Patriotismo, emancipação e soberania

Os últimos anos e os acontecimentos deste início de 2023 nos impelem a refletir sobre o que significa, de fato, o patriotismo: a segurança das armas e a riqueza dos lucros do agro, ou o sonho de uma sociedade mais justa e inclusiva, com toda a contenda implícita? Decerto a questão não se resume ao que está expresso nesta simplória interrogação. A noção de genuíno patriotismo é muito mais complicada.

Na web encontra-se a definição de patriotismo: resumindo, é o amor à pátria ─ a terra natal ou adotiva ─ e aos compatriotas ─ todos aqueles que nela vivem, seus vínculos afetivos, seus valores, sua cultura e história. Patriotismo não deve ser confundido com nacionalismo; este subentende interesses de grupos identitários e ideológicos. Quer dizer, o patriotismo é maior que o nacionalismo, pois o amor à pátria e aos compatriotas abarca identidades e ideologias diversas, talvez até conflitantes.

Pátria confunde-se com nação. A pátria pode significar “a terra dos antepassados”, enquanto nação é “a terra do nascimento”. Os dois conceitos entremeiam-se e completam-se. Nação pode ainda ser compreendida como a evolução do sentido de pátria, quando a sucessão histórica de gerações e gerações impregna o território com cargas de memória afetiva, cultural e moral. A nação constrói-se através do tempo e das experiências compartilhadas por seu povo. Por isso é mais comum identificar-se nações plenas nos países que têm história mais antiga, e com mais vicissitudes já vivenciadas.

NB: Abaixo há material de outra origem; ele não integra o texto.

Lemma in_2piZ_div (d e : int) : d != 0 ->
  in_2piZ (e%:~R * (pi *+ 2 / d%:~R)) <-> (d %| e)%Z.
Proof.
have : pi *+ 2 != 0 :> R by rewrite gt_eqF // mulrn_wgt0 // pi_gt0.
rewrite /in_2piZ; move: (pi *+ 2) => P P_neq0 d_neq0.
have dR_neq0 : d%:~R != 0 :> R by rewrite intr_eq0.
split=> [[k ek] | /dvdzP[k ->]]; last by exists k; rewrite intrM; field.
apply/dvdzP; exists k; apply: (@intr_inj R).
have -> : e%:~R = e%:~R * (P / d%:~R) * d%:~R / P :> R by field; apply/andP.
by rewrite ek intrM; field.
Qed.

Lemma cos_eq1_coprime (a1 a2 a3 : int) x :
  gcdz a1 (a2 + a3) = 1 -> gcdz a1 (a2 - a3) = 1 ->
  cos (a1%:~R * x) = 1 -> cos (a2%:~R * x) = cos (a3%:~R * x) ->
  cos (a2%:~R * x) = 1.
Proof.
move=> g_add g_sub /cos_eq1P a1x /cos_eq_cos a23x; apply/cos_eq1P/in_2piZMz.
case: a23x => a23x;
  [apply: (in_2piZ_coprime g_sub) | apply: (in_2piZ_coprime g_add)];
  by rewrite ?intrB ?intrD ?mulrBl ?mulrDl.
Qed.

Lemma angle_witness (a b c : int) : a != 0 -> gcdz a (gcdz b c) = 1 ->
  gcdz a (b + c) != 1 ->
  exists x : R, [/\ cos (a%:~R * x) = 1, cos (b%:~R * x) != 1
                  & in_2piZ ((b + c)%:~R * x)].
Proof.
move=> a_neq0 g_abc; set d := gcdz a (b + c) => d_neq1.
have d_neq0 : d != 0 by rewrite gcdz_eq0 negb_and a_neq0.
have d_dvd_bc : (d %| b + c)%Z by apply: dvdz_gcdr.
exists (pi *+ 2 / d%:~R); split; first by apply/cos_eq1P/in_2piZ_div/dvdz_gcdl.
  apply/eqP => /cos_eq1P /(in_2piZ_div _ d_neq0) d_dvd_b.
  have d_dvd_c : (d %| c)%Z by rewrite -(addKr b c) rpredD ?rpredN.
  have : (d %| gcdz a (gcdz b c))%Z by rewrite !dvdz_gcd dvdz_gcdl d_dvd_b.
  rewrite g_abc dvdz1 => /eqP abs_d1; apply/(negP d_neq1)/eqP.
  by rewrite -[d]/(Posz `|d|%N) abs_d1.
exact/(in_2piZ_div _ d_neq0).
Qed.

End Angles.

Section Quaternions.
Variable R : realType.
Implicit Types (p q g : quat R) (x y : R).

Definition qconjg g p := qmul (qconj g) (qmul p g).

Lemma quat_ext p q :
  q0 p = q0 q -> q1 p = q1 q -> q2 p = q2 q -> q3 p = q3 q -> p = q.
Proof. by case: p q => ? ? ? ? [? ? ? ?] /= -> -> -> ->. Qed.

Lemma unitq_qone : unitq (qone R). Proof. by rewrite /unitq /=; ring. Qed.
Lemma unitq_qi : unitq (qi R). Proof. by rewrite /unitq /=; ring. Qed.
Lemma unitq_qj : unitq (qj R). Proof. by rewrite /unitq /=; ring. Qed.

Lemma unitq_qconj p : unitq p -> unitq (qconj p).
Proof. by rewrite /unitq /= !sqrrN. Qed.

Lemma unitq_expi x : unitq (expi x).
Proof. by rewrite /unitq /= -(cos2Dsin2 x); ring. Qed.

Lemma unitq_expj x : unitq (expj x).
Proof. by rewrite /unitq /= -(cos2Dsin2 x); ring. Qed.

Lemma unitq_q0_eq1 q : unitq q -> q0 q = 1 -> q = qone R.
Proof.
rewrite /unitq => uq q0_1; rewrite q0_1 expr1n in uq.
have q123 : q1 q ^+ 2 + q2 q ^+ 2 + q3 q ^+ 2 = 0 by lra.
have := sqr_ge0 (q1 q); have := sqr_ge0 (q2 q); have := sqr_ge0 (q3 q).
move=> ? ? ?; apply: quat_ext => //=;
  by apply/eqP; rewrite -sqrf_eq0; apply/eqP; lra.
Qed.

Lemma q0_conj_qmul q g : unitq g -> q0 (qmul (qconj (qmul q g)) g) = q0 q.
Proof. by rewrite /unitq => ug; rewrite -[RHS]mulr1 -ug /=; ring. Qed.

Lemma qconjg1 p : qconjg (qone R) p = p.
Proof. by apply: quat_ext => /=; ring. Qed.

Lemma qconjgj_expi x : qconjg (qj R) (expi x) = expi (- x).
Proof. by apply: quat_ext; rewrite /= ?cosN ?sinN; ring. Qed.

Lemma qconjgi_expj x : qconjg (qi R) (expj x) = expj (- x).
Proof. by apply: quat_ext; rewrite /= ?cosN ?sinN; ring. Qed.

Lemma expi_2piZ x y : in_2piZ (x - y) -> expi x = expi y.
Proof.
move=> [k xy]; have -> : x = y + k%:~R * (pi *+ 2) by rewrite -xy addrC subrK.
by rewrite /expi (periodicz (@cosD2pi R)) (periodicz (@sinD2pi R)).
Qed.

Lemma expj_2piZ x y : in_2piZ (x - y) -> expj x = expj y.
Proof.
move=> [k xy]; have -> : x = y + k%:~R * (pi *+ 2) by rewrite -xy addrC subrK.
by rewrite /expj (periodicz (@cosD2pi R)) (periodicz (@sinD2pi R)).
Qed.

Lemma expi_cos_eq1 x : cos x = 1 -> expi x = qone R.
Proof.
by move=> /cos_eq1P x2pi; rewrite (@expi_2piZ x 0) ?subr0 // /expi cos0 sin0.
Qed.

Lemma expj_cos_eq1 x : cos x = 1 -> expj x = qone R.
Proof.
by move=> /cos_eq1P x2pi; rewrite (@expj_2piZ x 0) ?subr0 // /expj cos0 sin0.
Qed.

End Quaternions.

Section FreeAction.
Variables (R : realType) (a1 a2 a3 b1 b2 b3 : int).
Implicit Types (x : trip R) (q g : quat R) (t th : R).
Local Notation isotropy := (isotropy a1 a2 a3 b1 b2 b3).
Local Notation acts_freely :=
  (acts_freely_P10 a1 a2 a3 b1 b2 b3 (@OneDiagS3 R)).

Lemma Pin2_q0_eq1 x : gcdz a1 (a2 + a3) = 1 -> gcdz a1 (a2 - a3) = 1 ->
  Pin2 a1 a2 a3 x -> q0 x.1.1 = 1 -> q0 x.1.2 = q0 x.2 -> q0 x.1.2 = 1.
Proof.
move=> g_add g_sub [t [->|->]] /=; first exact: cos_eq1_coprime.
(* the other coset has first factor of real part 0 *)
by rewrite !(mulr0, mul0r, subr0) => /esym/eqP; rewrite oner_eq0.
Qed.

Lemma Pjn2_q0_eq1 x : gcdz b1 (b2 + b3) = 1 -> gcdz b1 (b2 - b3) = 1 ->
  Pjn2 b1 b2 b3 x -> q0 x.1.1 = 1 -> q0 x.1.2 = q0 x.2 -> q0 x.1.2 = 1.
Proof.
move=> g_add g_sub [t [->|->]] /=; first exact: cos_eq1_coprime.
by rewrite !(mulr0, mul0r, subr0) => /esym/eqP; rewrite oner_eq0.
Qed.

Lemma isotropy_q0_eq1 t x :
  gcdz a1 (a2 + a3) = 1 -> gcdz a1 (a2 - a3) = 1 ->
  gcdz b1 (b2 + b3) = 1 -> gcdz b1 (b2 - b3) = 1 ->
  isotropy t x -> q0 x.1.1 = 1 -> q0 x.1.2 = q0 x.2 -> q0 x.1.2 = 1.
Proof.
move=> g_add g_sub g_badd g_bsub; rewrite /isotropy.
case: ifP => _; first exact: Pin2_q0_eq1.
case: ifP => _; first exact: Pjn2_q0_eq1.
by move=> [q [_ ->]] /= ->.
Qed.

Lemma acts_freely_of_gcdz :
  gcdz a1 (a2 + a3) = 1 -> gcdz a1 (a2 - a3) = 1 ->
  gcdz b1 (b2 + b3) = 1 -> gcdz b1 (b2 - b3) = 1 -> acts_freely.
Proof.
move=> g_add g_sub g_badd g_bsub _ [q [uq ->]] t g [_ [ug1 ug2 ug3]] [_ iso].
suff -> : q = qone R by [].
apply: unitq_q0_eq1 => //; rewrite -(q0_conj_qmul q ug2).
apply: (isotropy_q0_eq1 g_add g_sub g_badd g_bsub iso).
  exact: (q0_conj_qmul (qone R) ug1).
exact: etrans (q0_conj_qmul q ug2) (esym (q0_conj_qmul q ug3)).
Qed.

Lemma acts_freely_qconjg t q g : acts_freely -> 0 <= t <= 1 ->
  unitq q -> unitq g -> isotropy t (qone R, q, qconjg g q) -> q = qone R.
Proof.
move=> free t01 uq ug iso.
have h_in : OneDiagS3 (qone R, qconj q, qconj q).
  by exists (qconj q); split=> //; apply: unitq_qconj.
have g_in : P10_point t (qone R, qone R, g).
  by split=> //; split=> //; apply: unitq_qone.
have : (qone R, qconj q, qconj q) = tone R.
  apply: (free _ h_in t _ g_in); split=> //.
  rewrite (_ : tmul _ _ = (qone R, q, qconjg g q)) //.
  by congr (_, _, _); apply: quat_ext => /=; ring.
by move=> /(congr1 (fun x => q0 x.1.2)) /= q0_1; apply: unitq_q0_eq1.
Qed.

Lemma Pin2_not_acts_freely g th : unitq g ->
  cos (a1%:~R * th) = 1 -> cos (a2%:~R * th) != 1 ->
  qconjg g (expi (a2%:~R * th)) = expi (a3%:~R * th) -> ~ acts_freely.
Proof.
move=> ug a1_th a2_th a3_th free; move/eqP: a2_th; apply.
suff /(congr1 (@q0 R)) : expi (a2%:~R * th) = qone R by [].
apply: (@acts_freely_qconjg 0 _ g free _ (unitq_expi _) ug).
  by rewrite lexx ler01.
rewrite /isotropy eqxx a3_th.
by exists th; left; rewrite (expi_cos_eq1 a1_th).
Qed.

Lemma Pjn2_not_acts_freely g th : unitq g ->
  cos (b1%:~R * th) = 1 -> cos (b2%:~R * th) != 1 ->
  qconjg g (expj (b2%:~R * th)) = expj (b3%:~R * th) -> ~ acts_freely.
Proof.
move=> ug b1_th b2_th b3_th free; move/eqP: b2_th; apply.
suff /(congr1 (@q0 R)) : expj (b2%:~R * th) = qone R by [].
apply: (@acts_freely_qconjg 1 _ g free _ (unitq_expj _) ug).
  by rewrite lexx ler01.
rewrite /isotropy oner_eq0 eqxx b3_th.
by exists th; left; rewrite (expj_cos_eq1 b1_th).
Qed.

Lemma gcdz_Pin2_of_acts_freely : a1 != 0 -> gcdz a1 (gcdz a2 a3) = 1 ->
  acts_freely -> gcdz a1 (a2 + a3) = 1 /\ gcdz a1 (a2 - a3) = 1.
Proof.
move=> a1_neq0 g_a free; split; apply/eqP/negPn/negP => g_ne.
  have [th [a1_th a2_th a23_th]] := angle_witness R a1_neq0 g_a g_ne.
  apply: (Pin2_not_acts_freely (unitq_qj R) a1_th a2_th _ free).
  rewrite qconjgj_expi; apply/esym/expi_2piZ.
  by rewrite opprK -mulrDl -intrD addrC.
rewrite -(gcdzN a2 a3) in g_a.
have [th [a1_th a2_th a23_th]] := angle_witness R a1_neq0 g_a g_ne.
apply: (Pin2_not_acts_freely (unitq_qone R) a1_th a2_th _ free).
by rewrite qconjg1; apply/expi_2piZ; rewrite -mulrBl -intrB.
Qed.

Lemma gcdz_Pjn2_of_acts_freely : b1 != 0 -> gcdz b1 (gcdz b2 b3) = 1 ->
  acts_freely -> gcdz b1 (b2 + b3) = 1 /\ gcdz b1 (b2 - b3) = 1.
Proof.
move=> b1_neq0 g_b free; split; apply/eqP/negPn/negP => g_ne.
  have [th [b1_th b2_th b23_th]] := angle_witness R b1_neq0 g_b g_ne.
  apply: (Pjn2_not_acts_freely (unitq_qi R) b1_th b2_th _ free).
  rewrite qconjgi_expj; apply/esym/expj_2piZ.
  by rewrite opprK -mulrDl -intrD addrC.
rewrite -(gcdzN b2 b3) in g_b.
have [th [b1_th b2_th b23_th]] := angle_witness R b1_neq0 g_b g_ne.
apply: (Pjn2_not_acts_freely (unitq_qone R) b1_th b2_th _ free).
by rewrite qconjg1; apply/expj_2piZ; rewrite -mulrBl -intrB.
Qed.

End FreeAction.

Quando indagamos sobre patriotismo, a questão fundamental talvez seja justamente verificarmos se estamos preparados para compreender e aceitar o diverso. O Brasil é uma pátria continental, com marcantes diferenças naturais regionais e uma história complexa, envolvendo exploração colonial predatória, extermínio da população nativa, prolongado escravagismo, independência e monarquia tuteladas, abolição e república mal resolvidas, branqueadora imigração... Tudo a conspirar para engendrar uma pátria repleta de diferenças, naturais, raciais, culturais, econômicas, religiosas, ideológicas...

Dessa complexidade surge a pátria, que ainda não é nação, que somos hoje. Um país onde mais da metade da população tem ascendência africana, mais da metade ascendência europeia, talvez mais da metade ascendência silvícola ou asiática. Sim, nossa mestiçagem perfaz muito mais que duas metades. Quantos dentre nós têm ascendentes negros, brancos, bugres, asiáticos... todos misturados?! Natural que de tanta mistura racial surjam tantas diferenças culturais, religiosas, ideológicas, filosóficas... Cada qual com sua ideia do que seja pátria e patriotismo.

Mas, se queremos evoluir para a construção da nação que confere identidade, têmpera moral e esperança a seu povo, temos de aprender a lição essencial, já aprendida pelos países mais antigos que nós: o amor aos compatriotas, a superação das intolerâncias, o exercício da cidadania. Embora diferentes, habitamos o mesmo país, temos o mesmo sonho de emancipação.

O maior patrimônio de um país é seu povo. Se lúcido e solidário, o povo há de promover o discernimento e a emancipação.

Se soubermos respeitar as diferenças, e fortalecer o que nos identifica, construiremos uma nação. Próspera e soberana.